Ruth caught Ellis's gaze firmly, holding it, looking squarely into his eyes. "Maybe you would get stuck working for somebody like Shinra," she said simply. "Maybe not. But it wouldn't have to be for them. You understand? There are other people you could help, my kind of people. You could save some of them. Fucking people might be Shinra's business, but it sure as hell doesn't have to be yours, even if they sign your paychecks." She squeezed his hand briefly. "You're one of the good guys, Sawbones," she told him gently. "I know you, and I know you're better than that. You're not gonna hurt anybody."
"But what if I can't help it?" Ellis asked quietly, finding his voice at last as he stared back into her eyes. "What if I already am, and I don't even realize it?"
She smiled, sadly. "We all do, sometimes. And we learn from it." Her hand reached up then, suddenly, to cup his cheek lightly--to Ellis's surprise. "You're one of the good guys," she repeated. "You deserve better than to get bogged down with this shit."
They sat like that for a long time. Finally, Ellis covered her hand with his own, perhaps a bit awkwardly, and smiled a little.
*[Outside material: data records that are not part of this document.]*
Definition contracts (n : nat) (U : R -> 'M[F]_n) (c c' : sconst n) : Prop :=
  forall i' j' k' : 'I_n, lim0 (transformed U c i' j' k') (c' i' j' k').

Definition is_lie (n : nat) (c : sconst n) : Prop :=
  (forall i j k, c i j k = - c j i k) /\
  (forall i j k m, \sum_(l < n) (c i j l * c l k m + c j k l * c l i m
                                 + c k i l * c l j m) = 0).

Definition composition_property : Prop :=
  forall (n : nat) (c ch ct : sconst n) (Uh Ut : R -> 'M[F]_n),
    is_lie c ->
    mcont01 Uh -> GLvalued Uh -> mcont01 Ut -> GLvalued Ut ->
    contracts Uh c ch -> contracts Ut ch ct ->
    exists f : R -> R,
      [/\ rcont01 f,
          forall x, in01 x -> in01 (f x),
          {in in01 &, forall x y, x <= y -> f x <= f y}
            \/ {in in01 &, forall x y, x <= y -> f y <= f x},
          (forall e : R, 0 < e -> exists2 d : R, 0 < d &
              forall x, in01 x -> x < d -> `|f x| < e) &
          contracts (fun eps => Uh (f eps) *m Ut eps) c ct].

End Defs.

(* Write c.A for [basis_change A c], the structure constants c expressed in
   the basis given by the columns of A; then [transformed U c _ _ _ e] is
   c.(U e) and c.(A B) = (c.A).B.  On [1/(m+1), 1] the entries of Ut and of
   its inverse are bounded by some B_m, so Ut t moves structure constants that
   are eta apart to ones at most n^3 B_m^3 eta apart.  As c.(Uh s) -> ch, there
   is D_m > 0 such that c.(Uh s) is within 1/((m+1)(n^3 B_m^3 + 1)) of ch for
   s < D_m.  Any continuous nondecreasing f with 0 < f e < D_m, m = floor(1/e),
   then makes c.(Uh (f e) Ut e) = (c.(Uh (f e))).(Ut e) lie within 1/(m+1) of
   ch.(Ut e), which tends to ct.  Such an f is obtained by inf-convolving the
   positive nondecreasing step function min(e, min_(k <= m) D_k / 2) with
   t |-> max(0, t). *)

From HB Require Import structures.
From mathcomp Require Import all_boot all_order all_algebra.
From mathcomp Require Import reals complex.
From mathcomp Require Import boolp classical_sets functions ring lra.
Set Implicit Arguments. Unset Strict Implicit. Unset Printing Implicit Defensive.
Import Order.TTheory GRing.Theory Num.Theory Num.Def.
Local Open Scope ring_scope.
Local Open Scope classical_set_scope.

Section Continuity.
Variables (R : realType) (F : numFieldType).
(* [cofactor3 c j] collects the monomials of [form3 c y y y] whose first index
   different from [o] is [j] (see [form3_split]). *)
Definition cofactor3 (c : I -> I -> I -> R) j a b :=
  c j a b + (a == o)%:R * c o j b + (a == o)%:R * ((b == o)%:R * c o o j).
Definition cofactor4 (c : I -> I -> I -> I -> R) j a b e :=
  c j a b e + (a == o)%:R * c o j b e + (a == o)%:R * ((b == o)%:R * c o o j e)
  + (a == o)%:R * ((b == o)%:R * ((e == o)%:R * c o o o j)).

Lemma form2_cofactor3 c j y : form2 (cofactor3 c j) y y =
  form2 (c j) y y + y 0 o * form1 (c o j) y + y 0 o * (y 0 o * c o o j).
Proof.
rewrite /cofactor3 (form2_coefD (fun a b => c j a b + (a == o)%:R * c o j b)).
rewrite (form2_coefD (fun a b => c j a b)) (form2_delta o (fun b => c o j b)).
by rewrite (form2_delta o (fun b => (b == o)%:R * c o o j)) form1_delta.
Qed.

Lemma form3_cofactor4 c j y : form3 (cofactor4 c j) y y y =
  form3 (c j) y y y + y 0 o * form2 (c o j) y y + y 0 o * (y 0 o * form1 (c o o j) y)
  + y 0 o * (y 0 o * (y 0 o * c o o o j)).
Proof.
rewrite /cofactor4 (form3_coefD (fun a b e => c j a b e + (a == o)%:R * c o j b e
     + (a == o)%:R * ((b == o)%:R * c o o j e))).
rewrite (form3_coefD (fun a b e => c j a b e + (a == o)%:R * c o j b e)).
rewrite (form3_coefD (fun a b e => c j a b e)) (form3_delta o (fun b e => c o j b e)).
rewrite (form3_delta o (fun b e => (b == o)%:R * c o o j e)).
rewrite (form3_delta o (fun b e => (b == o)%:R * ((e == o)%:R * c o o o j))).
rewrite (form2_delta o (fun e => c o o j e)) (form2_delta o (fun e => (e == o)%:R * c o o o j)).
by rewrite form1_delta.
Qed.

Lemma form3_split c y : form3 c y y y =
  c o o o * y 0 o ^+ 3 + \sum_(j | j != o) y 0 j * form2 (cofactor3 c j) y y.
Proof.
rewrite form3_first (bigD1 o) //= form2_first (bigD1 o) //= form1_first (bigD1 o) //=.
have -> : \sum_(j | j != o) y 0 j * form2 (cofactor3 c j) y y =
   \sum_(j | j != o) y 0 j * form2 (c j) y y
   + y 0 o * \sum_(j | j != o) y 0 j * form1 (c o j) y
   + y 0 o ^+ 2 * \sum_(j | j != o) y 0 j * c o o j.
  by rewrite !mulr_sumr -!big_split /=; apply: eq_bigr => j _; rewrite form2_cofactor3; ring.
ring.
Qed.

Lemma form4_split c y : form4 c y y y y =
  c o o o o * y 0 o ^+ 4 + \sum_(j | j != o) y 0 j * form3 (cofactor4 c j) y y y.
Proof.
rewrite form4_first (bigD1 o) //= form3_first (bigD1 o) //= form2_first (bigD1 o) //=.
rewrite form1_first (bigD1 o) //=.
have -> : \sum_(j | j != o) y 0 j * form3 (cofactor4 c j) y y y =
   \sum_(j | j != o) y 0 j * form3 (c j) y y y
   + y 0 o * \sum_(j | j != o) y 0 j * form2 (c o j) y y
   + y 0 o ^+ 2 * \sum_(j | j != o) y 0 j * form1 (c o o j) y
   + y 0 o ^+ 3 * \sum_(j | j != o) y 0 j * c o o o j.
  by rewrite !mulr_sumr -!big_split /=; apply: eq_bigr => j _; rewrite form3_cofactor4; ring.
ring.
Qed.

End SplitCoordinate.

Lemma ler_sum_term {R : numDomainType} {I : finType} (F : I -> R) j :
  (forall i, 0 <= F i) -> F j <= \sum_i F i.
Proof. by move=> F0; rewrite (bigD1 j) //= lerDl sumr_ge0. Qed.

Lemma ler_pM3 {R : numDomainType} {a b c a' b' c' : R} : 0 <= a -> 0 <= b -> 0 <= c ->
  a <= a' -> b <= b' -> c <= c' -> a * b * c <= a' * b' * c'.
Proof.
move=> a0 b0 c0 aa bb cc; apply: ler_pM => //; first by rewrite mulr_ge0.
exact: ler_pM.
Qed.

Lemma ler_pM4 {R : numDomainType} {a b c d a' b' c' d' : R} :
  0 <= a -> 0 <= b -> 0 <= c -> 0 <= d ->
  a <= a' -> b <= b' -> c <= c' -> d <= d' -> a * b * c * d <= a' * b' * c' * d'.
Proof.
move=> a0 b0 c0 d0 aa bb cc dd; apply: ler_pM => //; first by rewrite !mulr_ge0.
exact: ler_pM3.
Qed.

Lemma norm_form4_le_small {R : realType} {N : nat} (c : 'I_N -> 'I_N -> 'I_N -> 'I_N -> R)
    (p q r s : 'rV[R]_N) (A B : R) :
  `|p| <= A -> `|q| <= A -> `|r| <= A -> `|s| <= A ->
  [\/ `|p| <= B, `|q| <= B, `|r| <= B | `|s| <= B] ->
  `|form4 c p q r s| <= coef_norm4 c * (B * A ^+ 3).
Proof.
move=> pA qA rA sA small; apply: le_trans (norm_form4_le _ _ _ _ _) _.
apply: ler_wpM2l; first exact: coef_norm4_ge0.
case: small => small.
- have -> : B * A ^+ 3 = B * A * A * A by ring.
  exact: ler_pM4.
- have -> : B * A ^+ 3 = A * B * A * A by ring.
  exact: ler_pM4.
- have -> : B * A ^+ 3 = A * A * B * A by ring.
  exact: ler_pM4.
- have -> : B * A ^+ 3 = A * A * A * B by ring.
  exact: ler_pM4.
Qed.

Section NormalForm.
Context {R : realType} {n : nat}.
Local Notation N := n.+2.
Local Notation rv := ('rV[R]_N).
Local Notation I := ('I_N).
Local Notation o := (@ord0 n.+1).
Variables (V : rv -> R) (lam : I -> R).
Hypothesis lam_o : lam o = 0.
Hypothesis lam_neq0 : forall i, i != o -> lam i != 0.

Definition cubic_coef a b e := 6^-1 * deriv3 V a b e.

Definition gq (i j k : I) :=
  if i == o then 0 else - (lam i)^-1 * cofactor3 o cubic_coef i j k.
Definition g2 i (y : rv) := form2 (gq i) y y.
Definition g2v (y : rv) : rv := \row_i g2 i y.

(* the coefficients of the quartic part of [taylor4 V lam (y + g2v y)] *)
Definition quartic_coef a b e f := \sum_i (2^-1 * gq i a b) * deriv3 V i e f
  + \sum_i (2^-1 * lam i * gq i a b) * gq i e f + 24^-1 * deriv4 V a b e f.

Definition gc (i j k l : I) :=
  if i == o then 0 else - (lam i)^-1 * cofactor4 o quartic_coef i j k l.
Definition g3 i (y : rv) := form3 (gc i) y y y.
Definition g3v (y : rv) : rv := \row_i g3 i y.

Definition normal_form (y : rv) := 2^-1 * \sum_a lam a * y 0 a ^+ 2
  + cubic_coef o o o * y 0 o ^+ 3 + quartic_coef o o o o * y 0 o ^+ 4.

Lemma cubic_terms_cancel y :
  form3 cubic_coef y y y + \sum_a lam a * y 0 a * g2 a y = cubic_coef o o o * y 0 o ^+ 3.
Proof.
rewrite (form3_split o) [X in _ + X = _](bigD1 o) //= lam_o !mul0r add0r.
have -> : \sum_(a | a != o) lam a * y 0 a * g2 a y =
    - \sum_(j | j != o) y 0 j * form2 (cofactor3 o cubic_coef j) y y.
  rewrite -sumrN; apply: eq_bigr => a a0.
  rewrite /g2 /gq (negbTE a0) (form2_coefZ (- (lam a)^-1)).
  by field; rewrite lam_neq0.
by rewrite addrK.
Qed.

Lemma quartic_terms_cancel y :
  form4 quartic_coef y y y y + \sum_a lam a * y 0 a * g3 a y
  = quartic_coef o o o o * y 0 o ^+ 4.
Proof.
rewrite (form4_split o) [X in _ + X = _](bigD1 o) //= lam_o !mul0r add0r.
have -> : \sum_(a | a != o) lam a * y 0 a * g3 a y =
    - \sum_(j | j != o) y 0 j * form3 (cofactor4 o quartic_coef j) y y y.
  rewrite -sumrN; apply: eq_bigr => a a0.
  rewrite /g3 /gc (negbTE a0) (form3_coefZ (- (lam a)^-1)).
  by field; rewrite lam_neq0.
by rewrite addrK.
Qed.

Lemma quartic_coefE y : form4 quartic_coef y y y y =
  2^-1 * form3 (deriv3 V) (g2v y) y y + 2^-1 * \sum_a lam a * g2 a y ^+ 2
  + 24^-1 * form4 (deriv4 V) y y y y.
Proof.
rewrite /quartic_coef (form4_coefD (fun a b e f => \sum_i (2^-1 * gq i a b) * deriv3 V i e f
  + \sum_i (2^-1 * lam i * gq i a b) * gq i e f)).
rewrite (form4_coefD (fun a b e f => \sum_i (2^-1 * gq i a b) * deriv3 V i e f)).
rewrite !form4_coef_sum form4_coefZ form3_first.
congr (_ + _ + _).
- rewrite mulr_sumr; apply: eq_bigr => i _; rewrite mxE /g2 form2_mul -form4_coefZ.
  by congr form4; do 4!apply/funext => ? /=; ring.
- rewrite mulr_sumr; apply: eq_bigr => i _; rewrite /g2 expr2 form2_mul -!form4_coefZ.
  by congr form4; do 4!apply/funext => ? /=; ring.
Qed.

Lemma quartic_coef_o : quartic_coef o o o o = 24^-1 * deriv4 V o o o o
  - 2^-1 * \sum_(j | j != o) (2^-1 * deriv3 V o o j) ^+ 2 / lam j.
Proof.
rewrite /quartic_coef (bigD1 o) //= [X in _ + X + _](bigD1 o) //= /gq eqxx.
rewrite !mulr0 !mul0r !add0r addrC; congr (_ + _).
rewrite -big_split /= mulr_sumr -sumrN; apply: eq_bigr => j j0.
rewrite (negbTE j0) /cofactor3 eqxx !mul1r /cubic_coef.
rewrite (deriv3_rev V j o o) (deriv3_sym V o j o).2.
by field; rewrite lam_neq0.
Qed.

Lemma normal_formE y : normal_form y =
  2^-1 * \sum_(i : I | (1 <= i)%N) lam i * y 0 i ^+ 2
  + 6^-1 * partial o (partial o (partial o V)) 0 * y 0 o ^+ 3
  + (24^-1 * partial o (partial o (partial o (partial o V))) 0
     - 2^-1 * \sum_(j : I | (1 <= j)%N)
                ((2^-1 * partial o (partial o (partial j V)) 0) ^+ 2 / lam j))
    * y 0 o ^+ 4.
Proof.
rewrite /normal_form quartic_coef_o /cubic_coef deriv3_sorted // deriv4_sorted //.
congr (2^-1 * _ + _ + (_ - 2^-1 * _) * _).
  by rewrite [LHS](bigD1 o) //= lam_o mul0r add0r; apply: eq_bigl => i; rewrite lt0n.
by apply: eq_big => [j|j _]; rewrite ?lt0n // deriv3_sorted.
Qed.

Lemma form2_hess (v : rv) : form2 (hess lam) v v = \sum_a lam a * v 0 a ^+ 2.
Proof.
rewrite form2_first; apply: eq_bigr => a _.
rewrite /form1 (bigD1 a) //= /hess eqxx big1 ?addr0; first by ring.
by move=> b ba; rewrite eq_sym (negbTE ba) mul0r.
Qed.

(* Every term on the right-hand side is of degree at least 5 in y. *)
Lemma taylor4_substE y : let u := g2v y + g3v y in let x := y + u in
  taylor4 V lam x - normal_form y
  = 2^-1 * \sum_a lam a * (u 0 a ^+ 2 - g2 a y ^+ 2)
    + 2^-1 * form3 (deriv3 V) (g3v y) y y + 2^-1 * form3 (deriv3 V) u u y
    + 6^-1 * form3 (deriv3 V) u u u
    + 24^-1 * (form4 (deriv4 V) x x x x - form4 (deriv4 V) y y y y).
Proof.
move=> u x.
have cubicE : 6^-1 * form3 (deriv3 V) y y y + \sum_a lam a * y 0 a * g2 a y =
    cubic_coef o o o * y 0 o ^+ 3.
  by rewrite -form3_coefZ; exact: cubic_terms_cancel.
have quarticE := quartic_terms_cancel y; rewrite quartic_coefE in quarticE.
rewrite /normal_form -cubicE -quarticE /taylor4 form2_hess.
have squaresE : \sum_a lam a * x 0 a ^+ 2 = \sum_a lam a * y 0 a ^+ 2
   + 2 * \sum_a lam a * y 0 a * g2 a y + 2 * \sum_a lam a * y 0 a * g3 a y
   + \sum_a lam a * g2 a y ^+ 2 + \sum_a lam a * (u 0 a ^+ 2 - g2 a y ^+ 2).
  rewrite !mulr_sumr -!big_split; apply: eq_bigr => a _ /=.
  by rewrite /x /u !mxE; ring.
have linE : form3 (deriv3 V) u y y =
    form3 (deriv3 V) (g2v y) y y + form3 (deriv3 V) (g3v y) y y by rewrite form3D1.
by rewrite squaresE (form3_diagD _ y u (deriv3_sym V)) linE; field.
Qed.


Definition gcoef_bound := \sum_i coef_norm2 (gq i) + \sum_i coef_norm3 (gc i) + 1.
Local Notation M := gcoef_bound.
Definition lam_norm := \sum_a `|lam a|.

Lemma gcoef_bound_ge1 : 1 <= M.
Proof.
rewrite /M lerDr addr_ge0 // sumr_ge0 // => i _.
  exact: coef_norm2_ge0.
exact: coef_norm3_ge0.
Qed.

Lemma gcoef_bound_ge0 : 0 <= M.
Proof. exact: le_trans ler01 gcoef_bound_ge1. Qed.

Lemma norm_g2_le i y : `|g2 i y| <= M * `|y| ^+ 2.
Proof.
apply: le_trans (norm_form2_le _ _ _) _; rewrite expr2.
apply: ler_wpM2r; first by rewrite mulr_ge0.
apply: le_trans (ler_sum_term _ _ (fun j => coef_norm2_ge0 (gq j))) _.
by rewrite /M -addrA lerDl addr_ge0 // sumr_ge0 // => j _; exact: coef_norm3_ge0.
Qed.

Lemma norm_g3_le i y : `|g3 i y| <= M * `|y| ^+ 3.
Proof.
apply: le_trans (norm_form3_le _ _ _ _) _.
have -> : `|y| ^+ 3 = `|y| * `|y| * `|y| by rewrite !exprS expr0 mulr1 mulrA.
apply: ler_wpM2r; first by rewrite !mulr_ge0.
apply: le_trans (ler_sum_term _ _ (fun j => coef_norm3_ge0 (gc j))) _.
by rewrite /M addrAC lerDr addr_ge0 // sumr_ge0 // => j _; exact: coef_norm2_ge0.
Qed.

Lemma norm_g2v_le y : `|g2v y| <= M * `|y| ^+ 2.
Proof.
apply: norm_row_le; first by rewrite mulr_ge0 ?gcoef_bound_ge0 ?exprn_ge0.
by move=> i; rewrite mxE norm_g2_le.
Qed.

Lemma norm_g3v_le y : `|g3v y| <= M * `|y| ^+ 3.
Proof.
apply: norm_row_le; first by rewrite mulr_ge0 ?gcoef_bound_ge0 ?exprn_ge0.
by move=> i; rewrite mxE norm_g3_le.
Qed.

Section SmallArgument.
Variable y : rv.
Hypothesis y_le1 : `|y| <= 1.
Local Notation t := (`|y|).
Local Notation u := (g2v y + g3v y).
Local Notation x := (y + (g2v y + g3v y)).

Let t3_le_t2 : t ^+ 3 <= t ^+ 2.
Proof. exact: ler_wiXn2l. Qed.

Lemma norm_g_le : `|u| <= 2 * M * t ^+ 2.
Proof.
apply: le_trans (ler_normD _ _) _.
have := norm_g3v_le y; have := norm_g2v_le y; have := t3_le_t2.
have := gcoef_bound_ge0; nra.
Qed.

Lemma norm_g_le_lin : `|u| <= 3 * M * t.
Proof.
apply: le_trans norm_g_le _; have := ler_wpM2l (mulr_ge0 gcoef_bound_ge0 (normr_ge0 y)) y_le1.
have := gcoef_bound_ge1; have := normr_ge0 y; rewrite expr2 mulr1; nra.
Qed.

Lemma norm_id_le_lin : t <= 3 * M * t.
Proof. by have := gcoef_bound_ge1; have := normr_ge0 y; nra. Qed.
"And what are you going to do when this is all over?" he asked. Ruth returned the smile, stroking his fingers slightly with her thumb.
"I figured I'd go be a swan for a while," she replied comfortably. "Just to try it out."
Her hand slid down to wrap around his, caressing it silkily; the quality of the touch changed swiftly, became a little more dangerous and a little sweeter all at once. Ellis's eyes caught on Ruth's again, and this time it was more than just a thought; he was almost sure he in love with her.
"Want to walk me back to my room, Sawbones?" she inquired, with a kind of innocence behind which hid an enormous depth of invitation, of insinuation. Ellis only nodded his response, mute.
At her door they kissed once, lingeringly, and she guided his hand to her breast. It was soft under his fingers, warm. He could feel her heart beat, faintly, her body peculiarly welcoming. Then she asked him if he wanted to come inside, and he said yes; and, for perhaps the last time, there was peace that night.